Записки о Петербурге. Жизнеописание города со времени его основания до 40-х годов X X века
Шрифт:

Народ заплатил дорогую цену за разрыв с прошлым, особенно молодежь — дело даже не в том, что она лишилась драгоценного культурного наследия. Читая воспоминания, дневники, письма «бывших людей», часто поражаешься стойкости, ясности видения, мужеству, патриотизму их авторов. Многие из этих отверженных, несмотря ни на что, сохранили нравственные ориентиры, что в тех условиях было сродни героизму. Эти качества: нравственная твердость, различение добра и зла, правды и лжи — были так необходимы новому поколению, и молодежи придется мучительно, с жертвами, открывать старые истины заново. Многие люди, знавшие Анну Ахматову, считали, что ее жизнь, само ее присутствие могли удерживать от слабости и трусости. В 1944 году Анна Андреевна сказала об одной из знакомых: «Она думает, что я такая слабенькая. Она и не подозревает, что я — танк». В 20-х годах критики отзывались о ней как о «барыньке», знакомым она казалась беззащитной, не приспособленной к новой жизни; однажды на улице какая-то сердобольная старушка подала ей милостыню. Однако чаще женщины из «бывших людей» вызывали не сочувствие, а презрительную усмешку. Аркадий Маньков записал в дневнике 1934 года о появлении у них на службе «бывшей дамы»: «На работе ко мне приставили для обучения какую-то старую барыню в шляпе с ощипанными страусовыми перьями и в больших ботах. Она ходила за мной, шмыгая ботами по полу». Откуда она взялась, бедная? Зачем эта нелепая шляпа — верно, она принарядилась в надежде на место, но разве таким, как она, есть место в жизни?
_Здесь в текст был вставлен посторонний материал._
(* Fix an integer $k\ge -1$. For every $g\ge 4k+3$, \[\#\{S\in\mathcal{S}_g\mid m(S)=g-k\}=\sum_{\overline{x}\in\mathcal{Y}(k)}\binom{g-3k-2}{k+1-a(\overline{x})-2b(\overline{x})}.\]
   Context: A numerical semigroup $S$ is a submonoid of $\mathbb{N}_0$ with finite complement; its genus is the size of the complement and $m(S)$ is its smallest nonzero element. $\mathcal{S}_g$ is the set of numerical semigroups of genus $g$. For $\overline{x}=(x_1,\ldots,x_t)\in\{1,2,3\}^t$ let $a(\overline{x})=\#\{i: x_i=2\}$ and $b(\overline{x})=\#\{i: x_i=3\}$. For an integer $k\ge 0$, $\mathcal{Y}(k)$ is the set of tuples $\overline{x}=(x_1,\ldots,x_{2k+1})\in\{1,2,3\}^{2k+1}$ such that (i) whenever $i_1,i_2,i_3\in[1,2k+1]$ satisfy $i_1+i_2=i_3$, $(x_{i_1},x_{i_2},x_{i_3})\ne(1,1,3)$, and (ii) $a(\overline{x})+2b(\overline{x})\le k+1$; and $\mathcal{Y}(-1)=\{\emptyset\}$ consists of the empty tuple (with $a=b=0$). *)

From mathcomp Require Import all_boot all_order all_algebra.
From mathcomp Require Import finmap.
Set Implicit Arguments. Unset Strict Implicit. Unset Printing Implicit Defensive.
Import Order.TTheory GRing.Theory Num.Theory.


(* A numerical semigroup S is encoded by its (finite) set of gaps G = N0 \ S.
   S = complement of G is a submonoid of N0 iff 0 \notin G and the complement
   is closed under addition. *)
Definition is_ns_gaps (G : {fset nat}) : Prop :=
  (0 \notin G) /\ (forall a b : nat, a \notin G -> b \notin G -> (a + b)%N \notin G).

Definition genus (G : {fset nat}) : nat := #|` G|%fset.

Definition multiplicity_is (G : {fset nat}) (m : nat) : Prop :=
  [/\ (0 < m)%N, m \notin G & forall j : nat, (0 < j < m)%N -> j \in G].

Fixpoint allseq (n : nat) : seq (seq nat) :=
  match n with
  | 0 => [:: [::]]
  | n'.+1 => [seq v :: s | v <- [:: 1; 2; 3]%N, s <- allseq n']
  end.

(* 1-based access x_i *)
Definition xat (x : seq nat) (i : nat) : nat := nth 0%N x i.-1.

Definition a_of (x : seq nat) : nat := count (pred1 2%N) x.
Definition b_of (x : seq nat) : nat := count (pred1 3%N) x.

Definition cond_i (x : seq nat) : bool :=
  all (fun i1 => all (fun i2 => all (fun i3 =>
      (i1 + i2 == i3) ==>
      ~~ [&& xat x i1 == 1%N, xat x i2 == 1%N & xat x i3 == 3%N])
    (iota 1 (size x))) (iota 1 (size x))) (iota 1 (size x)).

Definition cond_ii (k : int) (x : seq nat) : bool :=
  ((a_of x + 2 * b_of x)%:Z <= k + 1)%R.

Definition Y (k : int) : seq (seq nat) :=
  match k with
  | Posz k' => [seq x <- allseq (2 * k').+1 | cond_i x && cond_ii k x]
  | Negz _ => [:: [::]]
  end.

From mathcomp Require Import all_boot all_order all_algebra.
From mathcomp Require Import finmap zify.
Import Order.TTheory GRing.Theory Num.Theory.
Set Implicit Arguments. Unset Strict Implicit. Unset Printing Implicit Defensive.

(* Let S have multiplicity m and genus g, so that S has K = g + 1 - m = k + 1 gaps
   above m, and m >= 3K.  For 0 < i < m let the level of i be the q such that q m + i
   is the least element of S congruent to i mod m (its Kunz coordinate).  Pairing i
   with c - i shows that a gap 2m + c forces c + 3 <= 2K, and pairing i with m + c - i
   that there is no gap 3m + c, hence no gap above 3m.  So all levels are at most 3, a
   level 3 only occurs among the first 2K - 1 positions, and S is determined by its
   level sequence.  Closure of S under addition says exactly that two levels 1 never
   add up to a level 3, and the number of gaps above m is the weight a + 2b of the
   sequence.  So the level sequences are the concatenations of a prefix x in Y(k) with
   a word of length m - 2K over {1, 2} containing K - a(x) - 2b(x) letters 2. *)

Definition in123 (v : nat) : bool := 0 < v <= 3.
Definition in12 (v : nat) : bool := 0 < v <= 2.
Definition weight (x : seq nat) : nat := a_of x + 2 * b_of x.

Lemma weight_cat x y : weight (x ++ y) = weight x + weight y.
Proof. rewrite /weight /a_of /b_of !count_cat; lia. Qed.

Lemma weight_in123 t : all in123 t -> weight t = count (leq 2) t + count (leq 3) t.
Proof.
rewrite /weight /a_of /b_of; elim: t => //= v t IH /andP[hv /IH e].
move: e hv; rewrite /in123; case: v => [|[|[|[|v]]]] //= e _; lia.
Qed.

Lemma b_of_in12 y : all in12 y -> b_of y = 0.
Proof.
rewrite /b_of; elim: y => //= v y IH /andP[hv /IH ->].
by move: hv; rewrite /in12; case: v => [|[|[|v]]].
Qed.

Lemma xat_catl x y i : 0 < i <= size x -> xat (x ++ y) i = xat x i.
Proof. by move=> hi; rewrite /xat nth_cat ifT //; lia. Qed.

Lemma xat_catr x y i : size x < i -> xat (x ++ y) i = xat y (i - size x).
Proof. by move=> hi; rewrite /xat nth_cat ifF; [congr nth | ]; lia. Qed.

Lemma xat_take n t i : 0 < i <= n -> xat (take n t) i = xat t i.
Proof. by move=> hi; rewrite /xat nth_take //; lia. Qed.

Lemma xat_drop n t i : 0 < i -> xat (drop n t) i = xat t (n + i).
Proof. by move=> i_gt0; rewrite /xat nth_drop; congr nth; lia. Qed.

Lemma all_xatP (P : pred nat) t :
  reflect (forall i, 0 < i <= size t -> P (xat t i)) (all P t).
Proof.
apply: (iffP (all_nthP 0)) => [h i hi | h i hi].
  by apply: h; lia.
by have := h i.+1 ltac:(lia).
Qed.

Lemma map_xat_iota t : map (xat t) (iota 1 (size t)) = t.
Proof.
rewrite -[1]addn0 iotaDl -map_comp -[RHS](mkseq_nth 0).
by apply: eq_map => i /=; rewrite /xat add1n.
Qed.

Lemma cond_iP x :
  reflect (forall i i', 0 < i -> 0 < i' -> i + i' <= size x ->
             ~~ [&& xat x i == 1, xat x i' == 1 & xat x (i + i') == 3])
          (cond_i x).
Proof.
apply: (iffP allP) => [h i i' i0 i'0 hs | h i1].
  have /allP/(_ i') := h i ltac:(rewrite mem_iota; lia).
  move=> /(_ ltac:(rewrite mem_iota; lia)) /allP /(_ (i + i')).
  rewrite mem_iota eqxx => /(_ _)/implyP; apply; lia.
rewrite mem_iota => h1; apply/allP => i2; rewrite mem_iota => h2.
apply/allP => i3; rewrite mem_iota => h3; apply/implyP => /eqP e; subst i3.
by apply: h; lia.
Qed.

Lemma mem_allseq n x : (x \in allseq n) = (size x == n) && all in123 x.
Proof.
elim: n x => [|n IH] [|v x] //; first by apply/negP => /allpairsP[[a b] /= [_ _]].
apply/allpairsP/idP => [[[a y] /= [ha hy [-> ->]]]|/andP[sx /andP[hv ax]]].
  move: hy; rewrite IH /= eqSS => /andP[-> ->]; rewrite andbT.
  by move: ha; rewrite !inE => /or3P[]/eqP->.
rewrite /= eqSS in sx.
exists (v, x) => /=; split => //; last by rewrite IH sx.
by move: hv; rewrite /in123 !inE; case: v => [|[|[|[|v]]]].
Qed.

Lemma allseq_uniq n : uniq (allseq n).
Proof.
elim: n => // n IH; apply: allpairs_uniq => //.
by move=> [a b] [c d] _ _ /= [-> ->].
Qed.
Печальная тень дамы в страусовых перьях и ботах мелькнула и исчезла, а все не выходит из памяти.

Перед молодежью из дворянской и буржуазной среды стоял выбор: принять новые жизненные правила или оказаться в числе изгоев. В середине 30-х годов для гибели могло хватить происхождения, но в первом десятилетии советской жизни кое-что зависело от личного выбора, власть «перебирала людишек»6162, испытывала их на прочность. В воронежской ссылке Осип Мандельштам познакомился с высланным из Ленинграда молодым поэтом Сергеем Рудаковым2. Рудаков происходил из дворянской семьи, его отец и старшие братья были офицерами. Трех братьев С. Б. Рудакова ко времени революции не было в живых, а отец и брат Игорь в гражданскую войну служили в Красной армии. Об их судьбе рассказала Э. Г. Герштейн: «По словам людей, близко знавших Рудаковых, отец и сын были расстреляны случайно. Это было то ли в 1921, то ли в 1922 году в Новониколаевске. Приехала какая-то комиссия и потребовала от генерала Рудакова выступления с признанием своего ошибочного прошлого. Он отказался, ссылаясь на то, что всю свою жизнь честно служил России. Тогда — расстрел, сказали ему члены комиссии. Обратились к сыну Игорю, который в начале Первой мировой войны учился еще в кадетском корпусе, а кончил войну георгиевским кавалером. Игорь ответил: „Я — как папа“. Оба были расстреляны». Их гибель не была случайностью, власть последовательно уничтожала людей с такими «чуждыми» понятиями, как офицерская честь, патриотизм, верность родственным узам — всему этому не было места в новом обществе. Игорь Рудаков предпочел смерть, такой выбор требовал особых человеческих качеств, но большинство молодежи (и это естественно) стремилось включиться в новую жизнь.

Примером такого выбора может служить судьба дочери контр-адмирала российского флота, ленинградской писательницы Веры Кетлинской63. Ее отец, капитан I ранга К. Ф. Кетлинский был в начале 1917 года командиром крейсера «Аскольд», построенного по заказу России на американских верфях. По пути следования крейсера на базу в Мурманск был раскрыт матросский заговор, и капитан приказал расстрелять его зачинщика. После Февральской революции К. Ф. Кетлинский был произведен в контр-адмиралы, он возглавил командование военноморскими силами Северного Ледовитого океана, но в 1918 году был застрелен на улице Мурманска матросом. Убийцу не поймали, и кем он был, так и осталось неизвестным. Вера Кетлинская всегда утверждала, что ее отца убил по заданию немецкой разведки переодетый матросом белогвардеец, а ее противники говорили, что это был «красный»матрос, который мстил за расстрелянного на «Аскольде». Разбирательство дела о «белом» или «красном» матросе периодически возобновлялось, о нем не забывали до самой смерти писательницы, в последний раз ленинградский обком занимался им в 1975 году. Неутомимые литераторы где-то разыскали механика с «Аскольда», и старец лепетал в обкоме: «Красные убили, красные...» В 1976 году лауреат Государственной премии В. К. Кетлинская умерла. Почти вся ее жизнь прошла под знаком гибели отца и надежды на то, что его убийца был «белым». Это страшно.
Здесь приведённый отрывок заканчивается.